[Collected data]
BEGIN

(* Let $R>0$, let $E\subset\mathbb{R}^d$ be an $R$-supported body and $A=co_R(E)$. Then: (i) $\partial E\subset\partial A$; (ii) $\operatorname{int}(E)\subset\operatorname{int}(A)$; (iii) $\mathcal{N}_R(E,a)=\mathcal{N}_R(A,a)$ for every $a\in\partial E$; (iv) $co_R(E)=E_R\cap\bigcap\{\mathbb{R}^d\setminus B(a+R\theta): a\in\partial E,\ \theta\in\mathcal{N}_R(E,a)\}$.
   Context: A body is a nonempty closed subset of $\mathbb{R}^d$. Fix $R>0$; $B(x)=\{y:|y-x|<R\}$; $S^{d-1}$ is the unit sphere. For a body $E$, $E_R=\{x:\operatorname{dist}(x,E)<R\}$. The $R$-hulloid is $co_R(E)=\bigcap\{\mathbb{R}^d\setminus B : B \text{ an open ball of radius } R,\ B\cap E=\emptyset\}$ (equal to $\mathbb{R}^d$ if no such ball exists). For a body $A$ and $a\in\partial A$, $\mathcal{N}_R(A,a)=\{v\in S^{d-1}: A\cap B(a+Rv)=\emptyset\}$ (the unit vectors $R$-supporting $A$ at $a$). A body $A$ is $R$-supported if $\mathcal{N}_R(A,a)\neq\emptyset$ for every $a\in\partial A$. *)

(* Topological notions (closed, closure, interior) are those of the library's
   (product = Euclidean) topology on 'rV[R]_d; metric notions (balls, unit
   sphere, distance) use the Euclidean norm defined below. *)
From HB Require Import structures.
From mathcomp Require Import all_boot all_order all_algebra.
From mathcomp Require Import all_classical all_reals all_analysis.
Set Implicit Arguments. Unset Strict Implicit. Unset Printing Implicit Defensive.
Import Order.TTheory GRing.Theory Num.Theory.
Import numFieldNormedType.Exports.
Local Open Scope classical_set_scope.
Local Open Scope ring_scope.

Section Defs.
Context {R : realType} {d : nat}.
Notation V := 'rV[R]_d.

Definition enorm (v : V) : R := Num.sqrt (\sum_(i < d) (v ord0 i) ^+ 2).
Definition edist (x y : V) : R := enorm (x - y).

Definition eball (x : V) (r : R) : set V := [set y | edist y x < r].

Definition usphere : set V := [set v | enorm v = 1].

Definition body (E : set V) : Prop := closed E /\ E !=set0.

Definition bdry (A : set V) : set V := closure A `\` A°.

Definition nbhdR (r : R) (E : set V) : set V :=
  [set x | exists2 y, E y & edist x y < r].

Definition hulloid (r : R) (E : set V) : set V :=
  [set x | forall c : V, eball c r `&` E = set0 -> ~ eball c r x].

Definition NR (r : R) (A : set V) (a : V) : set V :=
  [set v | usphere v /\ A `&` eball (a + r *: v) r = set0].

Definition Rsupported (r : R) (A : set V) : Prop :=
  body A /\ forall a, bdry A a -> NR r A a !=set0.
End Defs.

(* A ball that misses E also misses co_R(E), and E is contained in co_R(E); with
   the fact that a point with an R-supporting ball is never interior, this gives
   (i)-(iii).  For (iv), let x in E_R lie in an R-ball B(c) missing E.  Slide the
   centre from c towards x and stop at the infimum c' of the centres whose ball
   comes within distance R of E: B(c') still misses E and contains x, and by
   compactness some a in E is at distance exactly R from c', so
   theta = (c' - a)/R is an R-supporting direction at a boundary point a with
   x in B(a + R theta). *)

From Pilot Require Import Defs.
From HB Require Import structures.
From mathcomp Require Import all_boot all_order all_algebra.
From mathcomp Require Import all_classical all_reals all_analysis.
From mathcomp Require Import ring lra.
(* mathcomp-analysis also exports an [edist]; ours is the Euclidean one. *)
Import Pilot.Defs.
Import Order.TTheory GRing.Theory Num.Theory.
Import numFieldNormedType.Exports.
Local Open Scope classical_set_scope.
Local Open Scope ring_scope.

Lemma CauchySchwarz_sum (R : realType) (I : finType) (a b : I -> R) :
  \sum_i a i * b i <= Num.sqrt (\sum_i a i ^+ 2) * Num.sqrt (\sum_i b i ^+ 2).
Proof.
set A := \sum_i a i ^+ 2; set B := \sum_i b i ^+ 2; set P := \sum_i a i * b i.
have A_ge0 : 0 <= A by apply: sumr_ge0 => i _; exact: sqr_ge0.
have swap : \sum_i \sum_j a j ^+ 2 * b i ^+ 2 = A * B.
  by rewrite exchange_big big_distrlr.
have lagrange : \sum_i \sum_j (a i * b j - a j * b i) ^+ 2 = 2 * (A * B - P ^+ 2).
  have -> : \sum_i \sum_j (a i * b j - a j * b i) ^+ 2 =
      \sum_i \sum_j a i ^+ 2 * b j ^+ 2 + \sum_i \sum_j a j ^+ 2 * b i ^+ 2
      - 2 * \sum_i \sum_j a i * b i * (a j * b j).
    rewrite mulr_sumr -big_split -sumrB; apply: eq_bigr => i _.
    by rewrite mulr_sumr -big_split -sumrB; apply: eq_bigr => j _ /=; ring.
  by rewrite swap -!big_distrlr /= -/A -/B -/P; ring.
have : 0 <= 2 * (A * B - P ^+ 2).
  by rewrite -lagrange; do 2!(apply: sumr_ge0 => ? _); exact: sqr_ge0.
rewrite pmulr_rge0 // subr_ge0 => PAB.
rewrite -sqrtrM // (le_trans (ler_norm P)) // -sqrtr_sqr ler_sqrt //.
by rewrite mulr_ge0 //; apply: sumr_ge0 => i _; exact: sqr_ge0.
Qed.

Section EuclideanNorm.
Context {R : realType} {d : nat}.
Implicit Types u v w : 'rV[R]_d.

Lemma sumsq_ge0 v : 0 <= \sum_(i < d) v ord0 i ^+ 2.
Proof. by apply: sumr_ge0 => i _; exact: sqr_ge0. Qed.

Lemma enorm_ge0 v : 0 <= enorm v.
Proof. exact: sqrtr_ge0. Qed.

Lemma enorm0 : enorm (0 : 'rV[R]_d) = 0.
Proof. by rewrite /enorm big1 ?sqrtr0 // => i _; rewrite mxE expr0n. Qed.

Lemma enormZ k v : enorm (k *: v) = `|k| * enorm v.
Proof.
rewrite /enorm -sqrtr_sqr -sqrtrM ?sqr_ge0 // mulr_sumr.
by congr Num.sqrt; apply: eq_bigr => i _; rewrite mxE exprMn.
Qed.

Lemma enormN v : enorm (- v) = enorm v.
Proof. by rewrite -scaleN1r enormZ normrN normr1 mul1r. Qed.

Lemma enormD u v : enorm (u + v) <= enorm u + enorm v.
Proof.
rewrite -(ger0_norm (addr_ge0 (enorm_ge0 u) (enorm_ge0 v))) -sqrtr_sqr.
rewrite /enorm ler_sqrt ?sqr_ge0 // sqrrD !sqr_sqrtr ?sumsq_ge0 //.
have -> : \sum_(i < d) (u + v) ord0 i ^+ 2 = \sum_(i < d) u ord0 i ^+ 2
    + 2 * \sum_(i < d) u ord0 i * v ord0 i + \sum_(i < d) v ord0 i ^+ 2.
  by rewrite mulr_sumr -!big_split; apply: eq_bigr => i _ /=; rewrite mxE; ring.
by rewrite lerD2r lerD2l mulr_natl ler_pMn2r ?CauchySchwarz_sum.
Qed.

Lemma edistC u v : edist u v = edist v u.
Proof. by rewrite /edist -enormN opprB. Qed.

Lemma edist_triangle u v w : edist u w <= edist u v + edist v w.
Proof.
rewrite /edist; have -> : u - w = (u - v) + (v - w) by rewrite addrA subrK.
exact: enormD.
Qed.

Lemma ler_enorm_dist u v : `|enorm u - enorm v| <= enorm (u - v).
Proof.
have := enormD (u - v) v; have := enormD (v - u) u.
rewrite !subrK -opprB enormN ler_norml => *; apply/andP; split; lra.
Qed.

Lemma coord_le_enorm v i : `|v ord0 i| <= enorm v.
Proof.
rewrite -sqrtr_sqr /enorm ler_sqrt ?sumsq_ge0 // (bigD1 i) //= lerDl.
by apply: sumr_ge0 => j _; exact: sqr_ge0.
Qed.

Lemma coord_le_normr v i : `|v ord0 i| <= `|v|.
Proof.
rewrite [leRHS]mx_normrE.
exact: (le_bigmax _ (fun ij : 'I_1 * 'I_d => `|v ij.1 ij.2|) (ord0, i)).
Qed.

Lemma normr_le_enorm v : `|v| <= enorm v.
Proof.
rewrite [leLHS]mx_normrE; apply: bigmax_le => [|[i j] _]; first exact: enorm_ge0.
by rewrite (ord1 i); exact: coord_le_enorm.
Qed.

Lemma enorm_le_normr v : enorm v <= d%:R * `|v|.
Proof.
rewrite -(ger0_norm (mulr_ge0 (ler0n _ d) (normr_ge0 v))) -sqrtr_sqr.
rewrite /enorm ler_sqrt ?sqr_ge0 //.
apply: (@le_trans _ _ (\sum_(i < d) `|v| ^+ 2)).
  apply: ler_sum => i _; rewrite -real_normK ?num_real // lerXn2r ?nnegrE //.
  exact: coord_le_normr.
rewrite sumr_const card_ord exprMn -[leLHS]mulr_natl ler_wpM2r ?sqr_ge0 //.
by rewrite -natrX ler_nat; case: d => // n; rewrite expnS leq_pmulr.
Qed.

Lemma continuous_edist (p : 'rV[R]_d) : continuous (edist ^~ p).
Proof.
move=> v; apply/(@cvgrPdist_lt _ _ _ (nbhs v)) => e e0.
have d1_gt0 : 0 < d%:R + 1 :> R by rewrite ltr_wpDl.
near=> w; apply: le_lt_trans (ler_enorm_dist _ _) _.
rewrite opprB addrA subrK; apply: (le_lt_trans (enorm_le_normr _)).
apply: (@le_lt_trans _ _ ((d%:R + 1) * `|v - w|)); first by rewrite ler_wpM2r ?lerDl.
rewrite mulrC -ltr_pdivlMr //; near: w.
by apply: cvgr_dist_lt; [exact: cvg_id | rewrite divr_gt0].
Unshelve. all: by end_near.
Qed.

End EuclideanNorm.

Section Hulloid.
Context {R : realType} {d : nat}.
Notation V := 'rV[R]_d.
Implicit Types (r : R) (E S : set V).

Lemma edist_line (c u : V) (s t : R) :
  edist (c + t *: u) (c + s *: u) = `|t - s| * enorm u.
Proof. by rewrite /edist opprD addrACA subrr add0r -scalerBl enormZ. Qed.

Lemma NR_not_interior r S a v : 0 < r -> NR r S a v -> ~ S° a.
Proof.
move=> r_gt0 [v1 Sv] /nbhs_ballP[e /= e_gt0 aS].
have {}v1 : enorm v = 1 := v1.
pose t := Num.min (e / 2) (r / 2).
have t_gt0 : 0 < t by rewrite lt_min !divr_gt0.
have t_lt_e : t < e by rewrite gt_min; apply/orP; left; lra.
have t_lt_r : t < r by rewrite gt_min; apply/orP; right; lra.
suff : (S `&` eball (a + r *: v) r) (a + t *: v) by rewrite Sv.
split; last by rewrite /eball /= edist_line v1 mulr1 ltr0_norm ?subr_lt0 //; lra.
apply: aS; rewrite -ball_normE /= opprD addrA subrr sub0r normrN.
by apply: le_lt_trans (normr_le_enorm _) _; rewrite enormZ v1 mulr1 gtr0_norm.
Qed.

Lemma sub_hulloid r E : E `<=` hulloid r E.
Proof. by move=> x Ex c cE cx; have : (eball c r `&` E) x by []; rewrite cE. Qed.

Lemma hulloid_disjoint r E c :
  E `&` eball c r = set0 -> hulloid r E `&` eball c r = set0.
Proof.
by move=> Ec; apply/seteqP; split => // x [Ax cx]; apply: (Ax c _ cx); rewrite setIC.
Qed.

Lemma NR_hulloid r E a : NR r (hulloid r E) a = NR r E a.
Proof.
apply/seteqP; split => v [v1 Sv]; split => //; last exact: hulloid_disjoint.
exact: subsetI_eq0 (@sub_hulloid r E) (subset_refl _) Sv.
Qed.

Lemma bdry_sub_hulloid r E : 0 < r -> Rsupported r E ->
  bdry E `<=` bdry (hulloid r E).
Proof.
move=> r_gt0 [_ supported] a Ea; split; first exact: closureS (@sub_hulloid r E) _ Ea.1.
have [v Nv] := supported a Ea.
by apply: (@NR_not_interior r _ a v r_gt0); rewrite NR_hulloid.
Qed.

Lemma hulloid_sub_nbhdR r E : 0 < r -> hulloid r E `<=` nbhdR r E.
Proof.
move=> r_gt0 x Ax; apply: contrapT => Ex.
apply: (Ax x); last by rewrite /eball /edist /= subrr enorm0.
by apply/seteqP; split => // y [xy Ey]; apply: Ex; exists y; rewrite // edistC.
Qed.

Lemma edist_attained r E p : closed E ->
  (forall e, 0 < e -> exists2 y, E y & edist y p < r + e) ->
  exists2 a, E a & edist a p <= r.
Proof.
move=> E_closed near_p.
pose K := E `&` [set y | edist y p <= r + 1].
have [y0 Ey0 y0p] := near_p 1 ltr01.
have K_compact : compact K.
  apply: bounded_closed_compact.
    exists (r + 1 + enorm p); split; first exact: num_real.
    move=> M M_gt y [_ /= yp]; apply: le_trans (normr_le_enorm _) _.
    rewrite -[y](subrK p); apply: le_trans (enormD _ _) _.
    by apply: ltW; apply: le_lt_trans M_gt; rewrite lerD2r.
  apply: closedI => //.
  apply: (@preimage_closed _ _ (edist ^~ p) [set t | t <= r + 1]); last exact: closed_le.
  by move=> z _; exact: continuous_edist.
have [||a aK a_min] := @compact_EVT_min _ R (edist ^~ p) K _ K_compact _.
- by exists y0; split => //=; rewrite ltW.
- by apply: continuous_subspaceT; exact: continuous_edist.
move: aK; rewrite inE => -[Ea _]; exists a => //; apply/ler_addgt0Pr => e e_gt0.
have e1_gt0 : 0 < Num.min e 1 by rewrite lt_min e_gt0 ltr01.
have [y Ey yp] := near_p _ e1_gt0.
have : edist a p <= edist y p.
  apply: a_min; rewrite inE; split => //=.
  by rewrite ltW // (lt_le_trans yp) // lerD2l ge_min lexx orbT.
have : Num.min e 1 <= e by rewrite ge_min lexx.
lra.
Qed.

Lemma contact_point_supporting r E c : 0 < r -> closed E ->
  eball c r `&` E = set0 ->
  (forall e, 0 < e -> exists2 y, E y & edist y c < r + e) ->
  exists a theta, [/\ bdry E a, NR r E a theta & a + r *: theta = c].
Proof.
move=> r_gt0 E_closed cE near_c.
have [a Ea ac_le] := @edist_attained r E c E_closed near_c.
have ac : edist a c = r.
  apply/eqP; rewrite eq_le ac_le leNgt; apply/negP => ac_lt.
  by have : (eball c r `&` E) a by []; rewrite cE.
pose theta := r^-1 *: (c - a).
have center : a + r *: theta = c.
  by rewrite /theta scalerA mulfV ?gt_eqF // scale1r addrC subrK.
have N_theta : NR r E a theta.
  split.
    rewrite /usphere /= enormZ -enormN opprB -/(edist a c) ac.
    by rewrite gtr0_norm ?mulVf ?invr_gt0 ?gt_eqF.
  rewrite center setIC; apply/seteqP; split => // y [yc Ey].
  by have : (eball c r `&` E) y by []; rewrite cE.
exists a, theta; split => //; split; first exact: subset_closure.
exact: NR_not_interior r_gt0 N_theta.
Qed.

Lemma slide_ball_to_contact r E c x :
  nbhdR r E x -> eball c r `&` E = set0 -> eball c r x ->
  exists c', [/\ eball c' r `&` E = set0, eball c' r x &
    forall e, 0 < e -> exists2 y, E y & edist y c' < r + e].
Proof.
move=> [y0 Ey0 xy0] cE cx.
pose u := x - c; pose n := enorm u; pose ct t := c + t *: u.
have n_ge0 : 0 <= n := enorm_ge0 u.
have n_lt_r : n < r := cx.
have n1_gt0 : 0 < n + 1 by lra.
have ct0 : ct 0 = c by rewrite /ct scale0r addr0.
have ct1 : ct 1 = x by rewrite /ct scale1r addrC subrK.
have ct_shift t s y : edist y (ct t) <= edist y (ct s) + `|s - t| * n.
  by apply: le_trans (edist_triangle _ (ct s) _) _; rewrite edist_line.
have small k : 0 < k -> k / (n + 1) * n < k.
  by move=> k_gt0; rewrite mulrAC ltr_pdivrMr // mulrDr mulr1 ltrDl.
pose T := [set t | 0 <= t <= 1 /\ exists2 y, E y & edist y (ct t) < r].
have T1 : T 1 by split; [rewrite ler01 lexx | exists y0; rewrite // ct1 edistC].
have T_inf : has_inf T by split; [exists 1 | exists 0 => t [/andP[]]].
pose s := inf T.
have s_ge0 : 0 <= s by apply: lb_le_inf; [exists 1 | move=> t [/andP[]]].
have s_le1 : s <= 1 by apply: (ge_inf T_inf.2).
exists (ct s); split.
- apply/seteqP; split => // y [ys Ey].
  move: s_ge0; rewrite le_eqVlt => /predU1P[s_eq0|s_gt0].
    have : (eball c r `&` E) y by split => //; rewrite /eball /= -ct0 s_eq0.
    by rewrite cE.
  pose eta := Num.min s ((r - edist y (ct s)) / (n + 1)).
  have eta_gt0 : 0 < eta by rewrite lt_min s_gt0 divr_gt0 ?subr_gt0.
  have eta_le_s : eta <= s by rewrite ge_min lexx.
  have eta_n : eta * n < r - edist y (ct s).
    apply: le_lt_trans (small _ _); last by rewrite subr_gt0.
    by rewrite ler_wpM2r // ge_min lexx orbT.
  have : T (s - eta).
    split; first by apply/andP; split; lra.
    exists y => //; apply: le_lt_trans (ct_shift _ s _) _.
    have -> : s - (s - eta) = eta by lra.
    by rewrite gtr0_norm //; lra.
  by move/(ge_inf T_inf.2); lra.
- rewrite /eball /= -ct1 edist_line ger0_norm ?subr_ge0 // -/n.
  by have := mulr_ge0 s_ge0 n_ge0; lra.
- move=> e e_gt0.
  have [t Tt t_lt] := inf_adherent (divr_gt0 e_gt0 n1_gt0) T_inf.
  have s_le_t : s <= t := ge_inf T_inf.2 Tt.
  case: Tt => _ [y Ey yt].
  exists y => //; apply: le_lt_trans (ct_shift _ t _) _.
  rewrite ger0_norm ?subr_ge0 //.
  have := small _ e_gt0; have : (t - s) * n <= e / (n + 1) * n.
    by rewrite ler_wpM2r //; lra.
  lra.
Qed.

Lemma hulloidE r E : 0 < r -> closed E ->
  hulloid r E = nbhdR r E `&`
    [set x | forall a theta, bdry E a -> NR r E a theta -> ~ eball (a + r *: theta) r x].
Proof.
move=> r_gt0 E_closed; apply/seteqP; split.
  move=> x Ax; split; first exact: hulloid_sub_nbhdR.
  by move=> a theta _ [_ Ntheta]; apply: Ax; rewrite setIC.
move=> x [Ex x_out] c cE cx.
have [c' [c'E c'x contact]] := @slide_ball_to_contact r E c x Ex cE cx.
have [a [theta [Ea Ntheta center]]] :=
  @contact_point_supporting r E c' r_gt0 E_closed c'E contact.
by apply: (x_out a theta Ea Ntheta); rewrite center.
Qed.

End Hulloid.

Theorem mainTheorem2 (R : realType) (d : nat) (r : R) (E : set 'rV[R]_d) :
  0 < r -> Rsupported r E ->
  [/\ bdry E `<=` bdry (hulloid r E),
      E° `<=` (hulloid r E)°,
      (forall a, bdry E a -> NR r E a = NR r (hulloid r E) a) &
      hulloid r E =
        nbhdR r E `&`
        [set x | forall a theta, bdry E a -> NR r E a theta ->
                   ~ eball (a + r *: theta) r x]].
Proof.
move=> r_gt0 supported; have [[E_closed _] _] := supported.
split.
- exact: bdry_sub_hulloid.
- exact/interiorS/sub_hulloid.
- by move=> a _; rewrite NR_hulloid.
- exact: hulloidE.
Qed.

END

WORK INSTRUCTIONS: Of the lines above, copy each that contains "exprMn".

COMPLETED EXERCISE:
by congr Num.sqrt; apply: eq_bigr => i _; rewrite mxE exprMn.
rewrite sumr_const card_ord exprMn -[leLHS]mulr_natl ler_wpM2r ?sqr_ge0 //.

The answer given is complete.